Steve n’était pas moche, avec des cheveux blond-roux bouclés et des yeux bleus pâle, mais il était trop maigre à son goût et sa barbe lui irritait le visage et les cuisses. Il était propre, toutefois, il ne fumait pas, et il avait des dents saines, donc, l’un dans l’autre, elle savait que ça aurait pu être pire.

Quant à ses talents au lit… ils étaient presque inexistants. Il se montrait un amant par trop délicat et sûrement bien trop doux, il avait toujours peur de faire quelque chose de mal ou de se montrer trop entreprenant. Elle avait beau le rassurer, lui disant les mots qu’il fallait, émettant les cris qui convenaient aux moments opportuns, elle le soupçonnait d’avoir constamment à l’esprit la crainte de la perdre – quand bien même il ne la « possédait » pas vraiment.

C’était l’archétype du syndrome de la Belle et la Bête. Il n’allait pas la perdre, bien sûr, tout du moins tant qu’elle n’aurait pas obtenu les réponses demandées par ses employeurs. Allison éprouva un léger serrement de cœur en s’imaginant sa réaction lorsqu’elle disparaîtrait. Elle était à peu près certaine qu’il était tombé amoureux d’elle, ce qui était le but du jeu, somme toute, mais il était tellement… inoffensif qu’il était parfois difficile de ne pas le plaindre. Difficile mais pas impossible. Elle écarta la pensée de son esprit.

« Alors, comment va le boulot ? demanda-t-il.

– Bien, mais toujours la même rengaine : faire mes tournées, balancer mon laïus, distribuer mes numéros de téléphone et montrer mon décolleté aux toubibs…

– Eh… !

– Relax, je plaisante. Beaucoup de médecins s’inquiètent à propos des rappels de médicaments.

– Ce dont ils ont parlé à la télé, les antidouleur ?

– Tout juste. Le labo exerce une grosse pression pour qu’on continue de les fourguer. »
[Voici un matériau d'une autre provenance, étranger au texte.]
(* For any input distribution $\mathcal{D}$ and any $n,k\ge1$, $p\in[0,1]$, there exists a deterministic algorithm (which may depend on $\mathcal{D}$) for searching an element $z$, sampled from $\mathcal{D}$, in an unsorted list of length $n$, that runs in $k$ rounds, has success probability at least $p$, and issues at most $np\bigl(1-\frac{k-1}{2k}p\bigr)+1$ comparisons in expectation.
   Context: Unordered search in the comparison model: an array $\vec{x}=(x_1,\ldots,x_n)$ of distinct elements in no particular order and a target $z$ equal to exactly one entry $x_\ell$; $\mathcal{D}$ is a probability distribution over which entry $z$ is. Queries ask ''How is $a$ compared to $b$?'' for $a,b\in\{x_1,\ldots,x_n,z\}$, with answer ''$<$'', ''$=$'' or ''$>$''; the goal is to output $\ell$. An algorithm runs in $k$ rounds if in each of $k$ rounds it submits a set of queries chosen depending only on answers of earlier rounds, then receives all answers. *)

From HB Require Import structures.
From mathcomp Require Import all_boot all_order all_algebra.
Set Implicit Arguments. Unset Strict Implicit. Unset Printing Implicit Defensive.
Import Order.TTheory GRing.Theory Num.Theory.

(* The comparable items: [None] is the target z, [Some i] is the entry x_i. *)
Definition item (n : nat) := option 'I_n.

Definition query (n : nat) := (item n * item n)%type.

Definition answer := comparison.

(* A history: the list of completed rounds, each round being the list of
   queries submitted in that round together with their answers. *)
Definition history (n : nat) := seq (seq (query n * answer)).

Record algorithm (n : nat) := Algorithm {
  next_queries : history n -> seq (query n);
  output : history n -> 'I_n
}.

Definition item_val (n : nat) (d : Order.disp_t) (T : orderType d)
  (x : 'I_n -> T) (l : 'I_n) (a : item n) : T :=
  match a with None => x l | Some i => x i end.

Definition answer_of (n : nat) (d : Order.disp_t) (T : orderType d)
  (x : 'I_n -> T) (l : 'I_n) (q : query n) : answer :=
  let va := item_val x l q.1 in
  let vb := item_val x l q.2 in
  if (va < vb)%O then Lt else if va == vb then Eq else Gt.

Fixpoint run (n : nat) (A : algorithm n) (d : Order.disp_t) (T : orderType d)
  (x : 'I_n -> T) (l : 'I_n) (r : nat) : history n :=
  match r with
  | 0 => [::]
  | r'.+1 =>
      let h := run A x l r' in
      h ++ [:: [seq (q, answer_of x l q) | q <- next_queries A h]]
  end.

Definition result (n : nat) (A : algorithm n) (d : Order.disp_t) (T : orderType d)
  (x : 'I_n -> T) (l : 'I_n) (k : nat) : 'I_n :=
  output A (run A x l k).

Definition cost (n : nat) (A : algorithm n) (d : Order.disp_t) (T : orderType d)
  (x : 'I_n -> T) (l : 'I_n) (k : nat) : nat :=
  sumn [seq size rd | rd <- run A x l k].

Definition is_distribution (R : realFieldType) (n : nat) (D : 'I_n -> R) : Prop :=
  (forall i, 0 <= D i)%R /\ (\sum_(i < n) D i = 1)%R.

Definition success_prob (R : realFieldType) (n : nat) (D : 'I_n -> R)
  (A : algorithm n) (d : Order.disp_t) (T : orderType d) (x : 'I_n -> T)
  (k : nat) : R :=
  (\sum_(l < n | result A x l k == l) D l)%R.

Definition expected_cost (R : realFieldType) (n : nat) (D : 'I_n -> R)
  (A : algorithm n) (d : Order.disp_t) (T : orderType d) (x : 'I_n -> T)
  (k : nat) : R :=
  (\sum_(l < n) D l * (cost A x l k)%:R)%R.

From HB Require Import structures.
From mathcomp Require Import all_boot all_order all_algebra.
From mathcomp Require Import ring lra.
Import Order.TTheory GRing.Theory Num.Theory.
Set Implicit Arguments. Unset Strict Implicit. Unset Printing Implicit Defensive.

(* Rank the positions by decreasing probability and pick m < n with
   m <= n p <= m + 1.  The algorithm compares z with the entries of the m most
   likely positions, split into k consecutive blocks of q = m %/ k + 1 ranks, one block
   per round, stops as soon as z is found, and otherwise outputs the entry of
   rank m.  It thus succeeds on the m + 1 most likely positions, whose mass is at
   least (m + 1) / n >= p.
   If the target has rank t, the comparisons made are those with the ranks
   u < m not lying in a later block than t.  Counting over ordered pairs
   (t, u), twice the total cost is at most 2 n m - m^2 + m q, and as the cost
   increases with t while the probability decreases, Chebyshev's sum inequality
   bounds the expected cost by the average (2 n m - m^2 + m q) / (2 n), which is
   at most n p (1 - (k - 1) p / (2 k)) + 1. *)

Lemma sum_ord_ltn n m : (m <= n)%N -> \sum_(u < n) (u < m) = m.
Proof.
move=> le_mn; rewrite -big_mkcond /= -(big_ord_widen n (fun=> 1%N) le_mn).
by rewrite sum1_card card_ord.
Qed.

Lemma sum_ord_divn_eq_le n q a : 0 < q -> \sum_(u < n) (u %/ q == a) <= q.
Proof.
move=> q_gt0.
have -> : \sum_(u < n) (u %/ q == a) = #|[pred u : 'I_n | u %/ q == a]|.
  by rewrite -sum1_card [RHS]big_mkcond; apply: eq_bigr => u _; rewrite inE; case: eqP.
rewrite -[leqRHS]card_ord.
apply: (@leq_card_in _ _ (fun u : 'I_n => Ordinal (ltn_pmod u q_gt0))).
move=> u v; rewrite !inE => /eqP eq_u /eqP eq_v [eq_mod]; apply: val_inj.
by rewrite /= (divn_eq u q) (divn_eq v q) eq_u eq_v eq_mod.
Qed.

Section RealFacts.
Variable R : realFieldType.
Local Open Scope ring_scope.

Lemma chebyshev_sum_le n (a c : 'I_n -> R) :
  (forall t u : 'I_n, (t <= u)%N -> a u <= a t) ->
  (forall t u : 'I_n, (t <= u)%N -> c t <= c u) ->
  n%:R * (\sum_t a t * c t) <= (\sum_t a t) * (\sum_t c t).
Proof.
move=> a_dec c_inc.
have opposite t u : (a t - a u) * (c t - c u) <= 0.
  have [le_tu|/ltnW le_ut] := leqP t u.
    by rewrite mulr_ge0_le0 // ?subr_ge0 ?subr_le0 ?a_dec ?c_inc.
  by rewrite mulr_le0_ge0 // ?subr_ge0 ?subr_le0 ?a_dec ?c_inc.
have : \sum_t \sum_u (a t - a u) * (c t - c u) <= 0.
  by apply: sumr_le0 => t _; apply: sumr_le0.
have expand t : \sum_u (a t - a u) * (c t - c u) =
    n%:R * (a t * c t) + \sum_u a u * c u - a t * \sum_u c u - c t * \sum_u a u.
  rewrite (eq_bigr (fun u => a t * c t + a u * c u - a t * c u - c t * a u)) => [|u _].
    by rewrite !sumrB big_split /= sumr_const card_ord -!mulr_sumr mulr_natl.
  by ring.
under eq_bigr do rewrite expand.
rewrite !sumrB big_split /= sumr_const card_ord -mulr_natl -mulr_sumr -!mulr_suml.
lra.
Qed.

Lemma prefix_mass_ge n m (a : 'I_n -> R) :
  (forall t u : 'I_n, (t <= u)%N -> a u <= a t) -> (m < n)%N ->
  m.+1%:R * (\sum_t a t) <= n%:R * (\sum_(t < n | (t <= m)%N) a t).
Proof.
move=> a_dec lt_mn.
pose c (t : 'I_n) : R := - ((t < m.+1)%N)%:R.
have := @chebyshev_sum_le n a c a_dec.
have -> : \sum_t c t = - m.+1%:R by rewrite sumrN -natr_sum sum_ord_ltn.
have -> : \sum_t a t * c t = - \sum_(t < n | (t <= m)%N) a t.
  rewrite -sumrN [RHS]big_mkcond; apply: eq_bigr => t _.
  by rewrite /c ltnS; case: leqP; rewrite ?mulrN1 ?oppr0 ?mulr0.
rewrite mulrN mulrN lerN2 mulrC; apply=> t u le_tu.
by rewrite /c lerN2 ler_nat !ltnS; case: (leqP u m) => // le_um; rewrite (leq_trans le_tu le_um).
Qed.

Lemma exists_nonincreasing_perm n (D : 'I_n -> R) :
  exists2 pi : 'I_n -> 'I_n, injective pi &
    forall t u : 'I_n, (t <= u)%N -> D (pi u) <= D (pi t).
Proof.
pose ge_D (i j : 'I_n) := D j <= D i.
pose s := sort ge_D (enum 'I_n).
have perm_s : perm_eq s (enum 'I_n) by rewrite perm_sort.
have size_s : size s = n by rewrite (perm_size perm_s) size_enum_ord.
have uniq_s : uniq s by rewrite (perm_uniq perm_s) enum_uniq.
have sorted_s : sorted ge_D s by apply: sort_sorted => i j; apply: le_total.
exists (fun t => nth t s t) => [t u|t u le_tu].
  rewrite (set_nth_default t u) ?size_s // => /eqP.
  by rewrite nth_uniq ?size_s // => /eqP /val_inj.
rewrite (set_nth_default t u) ?size_s //.
have ge_D_trans : transitive ge_D by move=> j i l le_ji le_lj; apply: le_trans le_lj le_ji.
have ge_D_refl : reflexive ge_D by move=> i; apply: lexx.
by apply: (sorted_leq_nth ge_D_trans ge_D_refl t sorted_s); rewrite ?inE ?size_s.
Qed.

Lemma exists_nat_floor (y : R) N : (0 < N)%N -> 0 <= y <= N%:R ->
  exists2 m : nat, (m < N)%N & m%:R <= y <= m%:R + 1.
Proof.
elim: N => // N IH _ /andP [y_ge0 le_yN1].
have [N0|N_gt0] := posnP N.
  by move: le_yN1; rewrite N0 => le_y1; exists 0%N; rewrite // y_ge0 add0r.
have [le_yN|lt_Ny] := lerP y N%:R.
  have /(IH N_gt0) [m lt_mN ym] : 0 <= y <= N%:R by rewrite y_ge0.
  by exists m; first exact: ltnW.
by rewrite -natr1 in le_yN1; exists N; rewrite // ltW.
Qed.

Lemma expected_cost_arith (N M Q K p E : R) :
  0 < N -> 1 <= K -> 0 <= M -> M <= N * p -> p <= 1 -> Q * K <= M + K ->
  N * E * 2 + M * M <= 2 * N * M + M * Q ->
  E <= N * p * (1 - (K - 1) / (2 * K) * p) + 1.
Proof.
move=> N_gt0 K_ge1 M_ge0 le_M_Np p_le1 le_QK sum_le.
(* y - (K - 1) y^2 / (2 K N) is nondecreasing for y <= N: compare y = N p with y = M. *)
have K2_gt0 : 0 < 2 * K by lra.
rewrite -(ler_pM2l N_gt0) -(ler_pM2l K2_gt0).
have -> : 2 * K * (N * (N * p * (1 - (K - 1) / (2 * K) * p) + 1)) =
    2 * K * N * (N * p) - (K - 1) * (N * p) ^+ 2 + 2 * K * N.
  by field; lra.
have le_Np_N : N * p <= N by rewrite ler_piMr //; lra.
have : 0 <= (N * p - M) * ((K - 1) * (2 * N - N * p - M) + 2 * N).
  by apply: mulr_ge0; [lra | nra].
have : M * (Q * K) <= M * (M + K) by apply: ler_wpM2l.
nra.
Qed.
Pour ce qu’il en savait, elle travaillait comme représentante médicale à Reno. Ils s’étaient « rencontrés » dans une librairie Barnes & Noble, puis, alors qu’ils faisaient la queue au Starbucks de l’établissement, elle s’était trouvée à court de monnaie pour régler son moka. Steve se trouvait juste derrière elle et, nerveusement, s’était bien entendu proposé pour faire l’appoint. Ayant eu en main son dossier – du moins le peu d’éléments qu’ils avaient jugé nécessaire de lui fournir – et déjà bien au fait de ses habitudes, elle n’avait pas eu grand mal à lier connaissance et plus encore à exploiter leur rencontre quand elle avait manifesté de l’intérêt pour le livre qu’il lisait, un ouvrage de génie mécanique dont, pour dire vrai, elle se contrefichait éperdument. Il n’en avait rien remarqué, tant il était émoustillé de voir une jolie fille lui prêter attention.

Elle reprit : « Tous ces trucs d’ingénierie, je ne sais pas comment tu t’en sors. J’ai bien essayé de me plonger dans un de ces manuels que tu m’as refilé mais ça m’est passé au-dessus de la tête.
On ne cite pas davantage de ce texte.